# taz.de -- Flüchtlingsunterbringung in Deutschland: Leere Häuser sinnvoll nutzen
       
       > Kommunen haben viele Möglichkeiten, Wohnraum für Flüchtlinge zu schaffen.
       > Leerstehende Privathäuser zu beschlagnahmen, ist schwierig.
       
 (IMG) Bild: Ein Rettungsring für Geflüchtete: Immobilien beschlagnahmen, statt Zelte und Boote zu belegen
       
       Karlsruhe taz | Die Unterbringung von Flüchtlingen in Containern und
       Zeltstädten ist nur eine provisorische Lösung. Früher oder später benötigen
       sie Wohnungen.
       
       Neue Wohnungen zu bauen ist eine Möglichkeit. Wohnungen am Markt anzumieten
       eine andere. Rechtlich sind auch Eigenbedarfskündigungen und
       Beschlagnahmungen möglich. Aber nicht alles, was rechtlich machbar ist,
       wäre auch politisch klug.
       
       Können Kommunen den Mietern kommunaler Wohnungen kündigen, weil sie Raum
       für Flüchtlinge brauchen? Vermieter können dem Mieter einer Wohnung zwar
       nicht einfach so kündigen, sondern sie müssten laut Bürgerlichem Gesetzbuch
       ein „berechtigtes Interessen“ an der Kündigung haben(§ 573). Als ein
       solches berechtigtes Interesse gilt zum Beispiel der Eigenbedarf des
       Vermieters für sich und seine Angehörigen.
       
       Auch eine Kommune, die eine eigene Wohnung an Privatpersonen vermietet,
       kann den Mietern aus „berechtigtem“ Interesse kündigen. Ob man die
       Unterbringung von Flüchtlingen als „Eigenbedarf“ bezeichnet, ist dabei
       zweitrangig, da es um eine Aufgabe der Kommune geht und so ein
       „berechtigtes Interesse“ vorliegt. Erste Fälle gibt es in Nieheim in
       Nordrhein-Westfalen und in Eschbach in Baden-Württemberg.
       
       ## Gegen den Willen der Eigentümer
       
       Können auch kommunale Wohnungsunternehmen kündigen, weil die jeweilige
       Kommune Raum für Flüchtlinge braucht? Grundsätzlich ja. Auch hier würde
       wohl ein berechtigtes Interesse an der Kündigung angenommen. Der
       Bundesgerichtshof (BGH) hat dies 2012 für einen ähnlichen Fall entschieden.

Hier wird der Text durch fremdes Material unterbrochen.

Lemma slice_dets_agree_ind (H Q : tensor -> Prop) :
  symmetric H -> symmetric Q ->
  (forall p, H p -> 0 <= slice_det p false -> 0 <= slice_det p true -> Q p) ->
  forall p, H p -> slice_dets_agree p -> Q p.
Proof.
  intros HH HQ base.
  assert (axis1 : forall p, H p -> 0 <= slice_dets_prod p -> Q p).
  { intros p Hp Hprod.
    destruct (nonneg_mul_cases _ _ Hprod) as [[D0 D1] | [D0 D1]]; [auto |].
    rewrite <- (flip3_involutive p).
    apply (HQ (flip3 p)), base; [apply (HH p Hp) | ..]; rewrite slice_det_flip3; lra. }
  intros p Hp [P | [P | P]].
  - auto.
  - change p with (swap12 (swap12 p)).
    exact (proj1 (HQ _ (axis1 _ (proj1 (HH p Hp)) P))).
  - change p with (swap13 (swap13 p)).
    exact (proj1 (proj2 (HQ _ (axis1 _ (proj1 (proj2 (HH p Hp))) P)))).
Qed.


Definition vec2 (x0 x1 : R) : bool -> R := fun i => if i then x1 else x0.

Lemma nonneg2_vec2 x0 x1 : 0 <= x0 -> 0 <= x1 -> nonneg2 (vec2 x0 x1).
Proof. intros ? ? [|]; simpl; assumption. Qed.

Lemma nonneg2_const x : 0 <= x -> nonneg2 (fun _ => x).
Proof. intros ? ?; assumption. Qed.

Lemma div_nonneg x y : 0 <= x -> 0 < y -> 0 <= x / y.
Proof. intros; apply Rmult_le_pos; [| apply Rlt_le, Rinv_0_lt_compat]; assumption. Qed.
(* Let $\mathcal{C}$ be a Grothendieck site with enough points, let $X,Y$ be presheaves of groupoids on $\mathcal{C}$ with $\Gamma=\mathbb{Z}/2\mathbb{Z}$-actions, and let $f\colon X\to Y$ be a $\Gamma$-equivariant morphism. If $f$ is a local fibration, then $f^{h\Gamma}\colon X^{h\Gamma}\to Y^{h\Gamma}$ is a local fibration.
   Context: A groupoid is a small category with all morphisms invertible. A map of groupoids $f\colon X\to Y$ is a fibration if for every object $x$ and isomorphism $\alpha\colon f(x)\to y$ in $Y$ there is an isomorphism $\beta\colon x\to x_1$ with $f(\beta)=\alpha$. A presheaf of groupoids is a strict contravariant functor from $\mathcal{C}$ to groupoids; stalks at points are defined by the same colimit formula as for presheaves of sets. A morphism of presheaves of groupoids is a local fibration if it induces a fibration of groupoids on all stalks at points of $\mathcal{C}$. A $\Gamma$-action on a presheaf of groupoids is a $\Gamma$-action on each $X(U)$ (on objects and morphisms, compatible with structure maps; nontrivial element $x\mapsto\bar x$) compatible with restrictions; a $\Gamma$-equivariant morphism commutes with the actions on sections. For a groupoid $X$ with $\Gamma$-action, $X^{h\Gamma}$ has objects $(x,\phi)$ with $\phi\in\mathrm{Hom}(x,\bar x)$, $\bar\phi=\phi^{-1}$, and arrows $(x,\phi)\to(x_1,\phi_1)$ the $\alpha\colon x\to x_1$ with $\phi_1\alpha=\bar\alpha\phi$; for presheaves $X^{h\Gamma}(U)=X(U)^{h\Gamma}$, and $f^{h\Gamma}$ is given on sections by $(x,\phi)\mapsto(f(x),f(\phi))$, $\alpha\mapsto f(\alpha)$. *)

Set Implicit Arguments.
Unset Strict Implicit.
(* [rep_mu v I A r] : A = \bigcup_(i<n) (C_i \ D_i) with
   C_0 ⊇ D_0 ⊇ C_1 ⊇ D_1 ⊇ ... ⊇ C_{n-1} ⊇ D_{n-1} in I,
   and r = \sum_(i<n) (v C_i - v D_i) = mu_{v,I}(A) *)
Definition rep_mu (v : set T -> R) (I : set (set T)) (A : set T) (r : R) : Prop :=
  exists (n : nat) (C D : nat -> set T),
    (forall i, (i < n)%N -> I (C i) /\ I (D i)) /\
    (forall i, (i < n)%N -> D i `<=` C i) /\
    (forall i, (i.+1 < n)%N -> C i.+1 `<=` D i) /\
    A = \big[setU/set0]_(i < n) (C i `&` ~` D i) /\
    r = \sum_(i < n) (v (C i) - v (D i)).

(* A is in the algebra J generated by I *)
Definition in_J (I : set (set T)) (A : set T) : Prop :=
  exists n (C D : nat -> set T),
    (forall i, (i < n)%N -> I (C i) /\ I (D i)) /\
    (forall i, (i < n)%N -> D i `<=` C i) /\
    (forall i, (i.+1 < n)%N -> C i.+1 `<=` D i) /\
    A = \big[setU/set0]_(i < n) (C i `&` ~` D i).

(* mu_{v,I} is sigma-additive on J (stated for every representation,
   mu_{v,I} being well defined on J) *)
Definition mu_sigma_additive (v : set T -> R) (I : set (set T)) : Prop :=
  forall (A : nat -> set T) (r : nat -> R) (s : R),
    (forall k, rep_mu v I (A k) (r k)) ->
    trivIset setT A ->
    rep_mu v I (\bigcup_k A k) s ->
    (fun N => \sum_(k < N) r k) @ \oo --> s.

Definition continuous_cap (v : set T -> R) : Prop :=
  forall I, in_Sigma I -> mu_sigma_additive v I.

End Defs.

From HB Require Import structures.
From mathcomp Require Import all_boot all_order all_algebra.
From mathcomp Require Import all_classical all_reals all_analysis.
From mathcomp Require Import lra.
Import Order.TTheory GRing.Theory Num.Theory numFieldNormedType.Exports.
Local Open Scope classical_set_scope.
Local Open Scope ring_scope.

       Damals hat eine evangelische Kirchengemeinde einem Mieter gekündigt, weil
       die Diakonie in der Wohnung eine Eheberatungsstelle unterbringen wollte.
       Der BGH hat das akzeptiert, weil Kirchengemeinde und Diakonie sich
       „nahestehen“. Ein „Näheverhältnis“ trifft auch auf eine Kommune und deren
       Wohnungsgesellschaft zu.
       
       Mieter können sich gegen derartige Kündigungen wehren. Auch bei Kündigungen
       aus „berechtigtem Interesse“ haben die betroffenen Mieter ein
       Widerspruchsrecht, wenn die Kündigung für sich oder ihre Angehörigen „eine
       Härte“ bedeuten würde. Eine Härte liegt laut Bürgerlichem Gesetzbuch
       ausdrücklich vor, „wenn angemessener Ersatzwohnraum zu zumutbaren
       Bedingungen nicht beschafft werden kann“ (§ 574). Auch hohes Alter,
       Krankheiten oder Schwangerschaften der Mieter können eine Härte sein.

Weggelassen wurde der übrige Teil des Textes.